AIM OF THE TASK -> Count the lines below that include the word "RInt", then give that number and no other words.

INPUT ->
• • • •

(* Consider the threshold delay system (the ''TDE model'') described in the context, with the quantities $N_{T1}$, $P_2^*$, $N_{T2}$, $N_1^*$, $P_1^*$ defined there. If $N_{T1}<N_T<N_{T2}$, then the equilibrium $E_1=(N_1^*,P_1^*,0)^T$ is asymptotically stable, in the following sense: for every $\varepsilon>0$ there is a neighbourhood $\mathcal{N}_\varepsilon$ of $E_1$ such that whenever $(\phi_1,\phi_2,\phi_3)\in D_{N_T}\cap\mathcal{N}_\varepsilon$, the solution $(N,P,Z)^T$ of the corresponding initial value problem satisfies $\|(N(t),P(t),Z(t))^T-E_1\|<\varepsilon$ for all $t\ge t_0$ and $\lim_{t\to\infty}(N(t),P(t),Z(t))^T=E_1$.
   Context: Standing assumptions: constants $\mu>\lambda>0$, $g>0$, $\gamma\in(0,1]$, $\delta>0$ with $\gamma g>\delta$, $\delta_0\ge 0$, $m>0$, $N_T>0$. The functions $f,h:[0,\infty)\to[0,\infty)$ are $C^1$ with $f(0)=0$, $f'>0$, $\lim_{N\to\infty}f(N)=1$ and $h(0)=0$, $h'>0$, $\lim_{P\to\infty}h(P)=1$. The function $R:[0,\infty)\to[0,\infty)$ is $C^1$ with $R\ge0$, $R'\ge0$, $R'(0)>0$ if $R(0)=0$, $\lim_{P\to\infty}R(P)=R_\infty<\infty$. For a function $P$ and $s\in[0,m]$, the delay $\tau(s,P_t)\ge0$ is defined implicitly by $\int_{-\tau(s,P_t)}^0 R(P(t+u))\,du=s$. TDE model, for $t\ge t_0$: $$N'(t)=-\mu P f(N)+\lambda P+\delta Z+(1-\gamma)gZh(P)+\delta_0(N_T-N-P-Z),$$ $$P'(t)=\mu P f(N)-\lambda P-gZh(P),$$ $$Z'(t)=R(P(t))e^{-\delta_0\tau(m,P_t)}\frac{\gamma g Z(t-\tau(m,P_t))h(P(t-\tau(m,P_t)))}{R(P(t-\tau(m,P_t)))}-\delta Z(t),$$ with initial conditions $N(t_0+t)=\phi_1(t)$, $P(t_0+t)=\phi_2(t)$, $Z(t_0+t)=\phi_3(t)$ for $t\in[-t_0,0]$. $D_{N_T}$ is the set of triples $(\phi_1,\phi_2,\phi_3)$ of continuous functions on $[-t_0,0]$ (some $t_0>0$) with $\phi_i>0$, $\int_{-t_0}^0R(\phi_2(u))\,du=m$, and $$N_T=\phi_1(0)+\phi_2(0)+\phi_3(0)+\int_0^m e^{-\delta_0\tau(s,\phi_2)}\frac{\gamma g\,\phi_3(-\tau(s,\phi_2))h(\phi_2(-\tau(s,\phi_2)))}{R(\phi_2(-\tau(s,\phi_2)))}\,ds,$$ where $\tau(s,\phi_2)\in[0,t_0]$ solves $\int_{-\tau(s,\phi_2)}^0R(\phi_2(u))\,du=s$. Neighbourhoods of the constant triple $E_1$ are taken with respect to the sup norm of the initial functions. Define $N_{T1}=f^{-1}(\lambda/\mu)$, $N_1^*=N_{T1}$, $P_1^*=N_T-N_{T1}$. Let $P_2^*>0$ be the unique positive solution of $\gamma g\,e^{-\delta_0 m/R(P)}h(P)=\delta$ (it exists if $\delta_0=0$, or if $\delta_0>0$ and $m<R_\infty\ln(\gamma g/\delta)/\delta_0$; this is assumed), and $N_{T2}=N_{T1}+P_2^*$. *)

From Stdlib Require Import Reals ClassicalEpsilon.
From Coquelicot Require Import Coquelicot.
Open Scope R_scope.

Definition C1_nonneg (f df : R -> R) : Prop :=
  (forall x, 0 < x -> is_derive f x (df x)) /\
  filterlim (fun y => (f y - f 0) / y) (at_right 0) (locally (df 0)) /\
  (forall x, 0 <= x ->
     filterlim df (within (fun y => 0 <= y) (locally x)) (locally (df x))).

Definition continuous_on_interval (a b : R) (phi : R -> R) : Prop :=
  forall x, a <= x <= b ->
    filterlim phi (within (fun y => a <= y <= b) (locally x)) (locally (phi x)).

Definition continuous_from (a : R) (phi : R -> R) : Prop :=
  forall x, a <= x ->
    filterlim phi (within (fun y => a <= y) (locally x)) (locally (phi x)).

(* The implicitly defined delay: for a history [hist] (a function of u <= 0,
   meaningful on [-a, 0]), [delay Rr a hist s] is the tau in [0,a] with
     int_{-tau}^0 Rr (hist u) du = s
   (chosen by Hilbert's epsilon; it is unique whenever Rr o hist > 0). *)
Definition delay (Rr : R -> R) (a : R) (hist : R -> R) (s : R) : R :=
  epsilon (inhabits 0)
    (fun tau => 0 <= tau <= a /\ RInt (fun u => Rr (hist u)) (- tau) 0 = s).

Definition in_D (g gamma delta0 m NT : R) (h Rr : R -> R)
    (t0 : R) (phi1 phi2 phi3 : R -> R) : Prop :=
  0 < t0 /\
  continuous_on_interval (- t0) 0 phi1 /\
  continuous_on_interval (- t0) 0 phi2 /\
  continuous_on_interval (- t0) 0 phi3 /\
  (forall u, - t0 <= u <= 0 -> 0 < phi1 u /\ 0 < phi2 u /\ 0 < phi3 u) /\
  RInt (fun u => Rr (phi2 u)) (- t0) 0 = m /\
  NT = phi1 0 + phi2 0 + phi3 0 +
       RInt (fun s =>
               let tau := delay Rr t0 phi2 s in
               exp (- delta0 * tau) * gamma * g * phi3 (- tau) * h (phi2 (- tau))
               / Rr (phi2 (- tau))) 0 m.

(* (N,P,Z) is a solution on [t0, +oo) of the TDE model with initial data
   N(t0+t) = phi1 t, P(t0+t) = phi2 t, Z(t0+t) = phi3 t for t in [-t0,0]
   (so the history lives on [0,t0]); the delay tau(m, P_t) at time t >= t0
   is computed from the history u |-> P(t+u), u in [-t,0]. *)
Definition is_TDE_solution (mu lambda g gamma delta delta0 m NT : R)
    (f h Rr : R -> R) (t0 : R) (phi1 phi2 phi3 : R -> R)
    (N P Z : R -> R) : Prop :=
  (forall t, - t0 <= t <= 0 ->
     N (t0 + t) = phi1 t /\ P (t0 + t) = phi2 t /\ Z (t0 + t) = phi3 t) /\
  continuous_from 0 N /\ continuous_from 0 P /\ continuous_from 0 Z /\
  (forall t, t0 < t ->
     let tau := delay Rr t (fun u => P (t + u)) m in
     is_derive N t
       (- mu * P t * f (N t) + lambda * P t + delta * Z t
        + (1 - gamma) * g * Z t * h (P t)
        + delta0 * (NT - N t - P t - Z t)) /\
     is_derive P t
       (mu * P t * f (N t) - lambda * P t - g * Z t * h (P t)) /\
     is_derive Z t
       (Rr (P t) * exp (- delta0 * tau)
          * (gamma * g * Z (t - tau) * h (P (t - tau)) / Rr (P (t - tau)))
        - delta * Z t)).

(* While [P] stays within [rho] of [P1 = N_T - N_T1], the [Z]-equation is a linear delay
   inequality [|Z' + delta Z| <= c |Z (t - tau)|], and [c < delta] for small [rho] precisely
   because [N_T < N_T2]; a Razumikhin (Halanay) argument gives exponential decay of [Z].
   Counting the juveniles gives a conservation law: [N + P + Z - N_T] is minus the discounted
   mass of juveniles born during the last delay window, hence is controlled by the recent size
   of [Z]. With [Z] and [N + P - N_T] small, [f] increasing and [mu f(N_T1) = lambda] make the
   [P]-equation push [P] back towards [P1] at the edges of a band around it; so [P] never
   leaves the band (which bootstraps the first two estimates), and as [Z -> 0] the band can be
   shrunk, giving convergence to [E1]. *)

From Stdlib Require Import Reals Lra Psatz Classical ClassicalEpsilon.
From Coquelicot Require Import Coquelicot.
Open Scope R_scope.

• • • •

SOLUTION FOR THIS EXERCISE -> 3